# Instructions for the task
Using the listing below, copy every line that mentions "length".

# Information shown
(* Let $n\ge 3$. The map $\phi_n:|\mathcal K_n|\to\partial(Root_n)$ is injective. Equivalently, if $\mathcal T_1,\mathcal T_2$ are nonempty admissible families and there exist positive reals $\{\alpha_{ij}\}_{[i,j)\in\mathcal T_1}$, $\{\beta_{ij}\}_{[i,j)\in\mathcal T_2}$ with $\sum\alpha_{ij}=1=\sum\beta_{ij}$ and $\sum_{[i,j)\in\mathcal T_1}\alpha_{ij}(e_i-e_j)=\sum_{[i,j)\in\mathcal T_2}\beta_{ij}(e_i-e_j)$, then $\mathcal T_1=\mathcal T_2$ and $\alpha_{ij}=\beta_{ij}$ for all $[i,j)\in\mathcal T_1$.
   Context: Identify $[n]$ with the vertices of a regular $n$-gon in $S^1$, labelled counterclockwise, with counterclockwise order $\preceq$; for $a\ne b\in[n]$, $[a,b)=\{z\in S^1:a\preceq z\prec b\}$. A finite collection of such arcs is admissible if any two distinct members $I,J$ are either intersecting and strictly nested, or disjoint with the sink of neither equal to the source of the other. $\mathcal K_n$ is the simplicial complex on the arcs $[i,j)$, $i\neq j$, whose simplices are the nonempty admissible families. $Root_n=\mathrm{Conv}\{e_i-e_j:i\ne j\}$ and $\phi_n$ is affine on each simplex of $\mathcal K_n$ with $\phi_n([i,j))=e_i-e_j$. *)

From HB Require Import structures.
From mathcomp Require Import all_boot all_order all_algebra.
Set Implicit Arguments. Unset Strict Implicit. Unset Printing Implicit Defensive.
Import Order.TTheory GRing.Theory Num.Theory.

(* Vertices of the regular n-gon: 'I_n, labelled counterclockwise.
   An arc [a,b) is represented by the pair (a,b) with a != b;
   a is its source and b its sink. *)
Definition garc n := ('I_n * 'I_n)%type.

Definition is_arc n (a : garc n) : bool := a.1 != a.2.

Definition ccw n (i k : 'I_n) : nat := ((k + n - i) %% n)%N.

Definition arc_mem n (a : garc n) (k : 'I_n) : bool := (ccw a.1 k < ccw a.1 a.2)%N.

(* vertex set of the arc; the continuous half-open arc [a,b) in S^1 is the
   union of the half-open unit segments [v, v+1) over its vertices v, so
   intersection/inclusion of arcs coincide with those of the vertex sets. *)
Definition arc_set n (a : garc n) : {set 'I_n} := [set k | arc_mem a k].

Definition admissible_pair n (I J : garc n) : bool :=
  ((arc_set I :&: arc_set J != set0) &&
     ((arc_set I \proper arc_set J) || (arc_set J \proper arc_set I)))
  || [&& [disjoint arc_set I & arc_set J], I.2 != J.1 & J.2 != I.1].

Definition admissible n (T : {set garc n}) : bool :=
  [forall I in T, forall J in T, (I != J) ==> admissible_pair I J].

Definition simplexK n (T : {set garc n}) : bool :=
  [&& T != set0, [forall a in T, is_arc a] & admissible T].

Local Open Scope ring_scope.

Definition eroot (R : nzRingType) n (a : garc n) : 'rV[R]_n :=
  \row_k ((k == a.1)%:R - (k == a.2)%:R).

From HB Require Import structures.
From mathcomp Require Import all_boot all_order all_algebra zify lra.
Import Order.TTheory GRing.Theory Num.Theory.
Set Implicit Arguments. Unset Strict Implicit. Unset Printing Implicit Defensive.

(* The k-th coordinate of sum_a w_a (e_{a.1} - e_{a.2}) is c(k) - c(k-1), where
   the coverage c(k) is the total weight of the arcs containing vertex k.  Two
   families with the same image therefore have coverages differing by a
   constant.  By admissibility no arc contains the sink of an arc of maximal
   length, so each family leaves some vertex uncovered; the constant is then
   both >= 0 and <= 0, and the two coverages agree.  Equal coverages determine
   the weighted family: around an arc a of maximal length the coverage vanishes
   just before a.1 and at a.2, which forces a to belong to both families, with
   the same weight; removing it, we conclude by induction. *)

Section Arcs.
Variable n : nat.
Implicit Types (i k : 'I_n) (a c d e : garc n) (T : {set garc n}).

Lemma ccwE i k : ccw i k = if (i <= k)%N then (k - i)%N else (k + n - i)%N.
Proof.
rewrite /ccw; have := ltn_ord k; have := ltn_ord i; case: (leqP i k) => h hi hk.
  have -> : (k + n - i = (k - i) + n)%N by lia.
  by rewrite modnDr modn_small //; lia.
by rewrite modn_small //; lia.
Qed.

Lemma ord_predE k : (ord_pred k : nat) = if k == 0%N :> nat then (n - 1)%N else (k - 1)%N.
Proof.
rewrite /ord_pred /=; have := ltn_ord k; case: eqP => h hk.
  by rewrite h add0n modn_small //; lia.
have -> : ((k + n).-1 = (k - 1) + n)%N by lia.
by rewrite modnDr modn_small //; lia.
Qed.

Ltac arc_lia := rewrite /arc_mem ?ccwE ?ord_predE /=;
  repeat match goal with |- context [if ?b then _ else _] =>
    lazymatch b with context [if _ then _ else _] => fail | _ => case: ifPn end end;
  move=> *; lia.

Ltac case_arc c := let i := fresh "i" in let j := fresh "j" in
  case: c => i j; have := ltn_ord i; have := ltn_ord j;
  rewrite /is_arc /= -(inj_eq val_inj) /=.

Lemma arc_mem_source c : is_arc c -> arc_mem c c.1.
Proof. case_arc c; arc_lia. Qed.

Lemma arc_mem_sinkF c : is_arc c -> ~~ arc_mem c c.2.
Proof. case_arc c; arc_lia. Qed.

Lemma arc_mem_pred_sink c : is_arc c -> arc_mem c (ord_pred c.2).
Proof. case_arc c; arc_lia. Qed.

Lemma arc_mem_pred_sourceF c : is_arc c -> ~~ arc_mem c (ord_pred c.1).
Proof. case_arc c; arc_lia. Qed.

Lemma arc_entry e k : is_arc e -> arc_mem e k -> ~~ arc_mem e (ord_pred k) -> k = e.1.
Proof.
move=> ae ki kp; apply: val_inj; move: ae ki kp.
by have := ltn_ord k; case_arc e; arc_lia.
Qed.

Lemma arc_exit e k : is_arc e -> arc_mem e (ord_pred k) -> ~~ arc_mem e k -> k = e.2.
Proof.
move=> ae ki kp; apply: val_inj; move: ae ki kp.
by have := ltn_ord k; case_arc e; arc_lia.
Qed.

Lemma arc_mem_pred e k : is_arc e ->
  ((k == e.1) + arc_mem e (ord_pred k) = arc_mem e k + (k == e.2))%N.
Proof. have := ltn_ord k; case_arc e; rewrite -!(inj_eq val_inj) /=; arc_lia. Qed.

Lemma ccw_inj i : injective (ccw i).
Proof.
move=> x y hxy; apply: val_inj; move: hxy.
have := ltn_ord i; have := ltn_ord x; have := ltn_ord y; arc_lia.
Qed.

Lemma eq_arc_same_source a d :
  a.1 = d.1 -> ~~ arc_mem d a.2 -> ~~ arc_mem a d.2 -> a = d.
Proof.
move=> e1; rewrite /arc_mem -e1 -!leqNgt => le_da le_ad.
have e2 : a.2 = d.2 by apply: (@ccw_inj a.1); apply/eqP; rewrite eqn_leq le_ad.
by rewrite [a]surjective_pairing [d]surjective_pairing e1 e2.
Qed.

Lemma admissibleP T c e : admissible T -> c \in T -> e \in T -> c != e ->
  admissible_pair c e.
Proof.
move=> /forall_inP/(_ c) hT hc he.
by move: (hT hc) => /forall_inP/(_ e he)/implyP.
Qed.

Lemma admissibleS T T' : T' \subset T -> admissible T -> admissible T'.
Proof.
move=> /subsetP sub hT; apply/forall_inP => c hc; apply/forall_inP => e he.
exact/implyP/(admissibleP hT (sub _ hc) (sub _ he)).
Qed.

(* Nesting can only go this way since [c] misses [c.2]; disjointness would make
   [e] start at [c.2].  Symmetrically for [ord_pred c.1] below. *)
Lemma admissible_sink_proper T c e : admissible T -> c \in T -> e \in T ->
  is_arc c -> is_arc e -> arc_mem e c.2 -> arc_set c \proper arc_set e.
Proof.
move=> hT hc he ac ae hm.
have ne : c != e by apply: contraTneq hm => <-; exact: arc_mem_sinkF.
case/orP: (admissibleP hT hc he ne) => [/andP [_ /orP[] //] | /and3P [hd h1 _]].
  move=> /proper_sub /subsetP /(_ c.2).
  by rewrite !inE hm (negbTE (arc_mem_sinkF ac)) => /(_ isT).
have hp : ord_pred c.2 \in arc_set c by rewrite inE arc_mem_pred_sink.
have := disjointFr hd hp; rewrite inE => /negbT hn.
by move: h1; rewrite (arc_entry ae hm hn) eqxx.
Qed.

# Exercise solution
   length, so each family leaves some vertex uncovered; the constant is then
   the weighted family: around an arc a of maximal length the coverage vanishes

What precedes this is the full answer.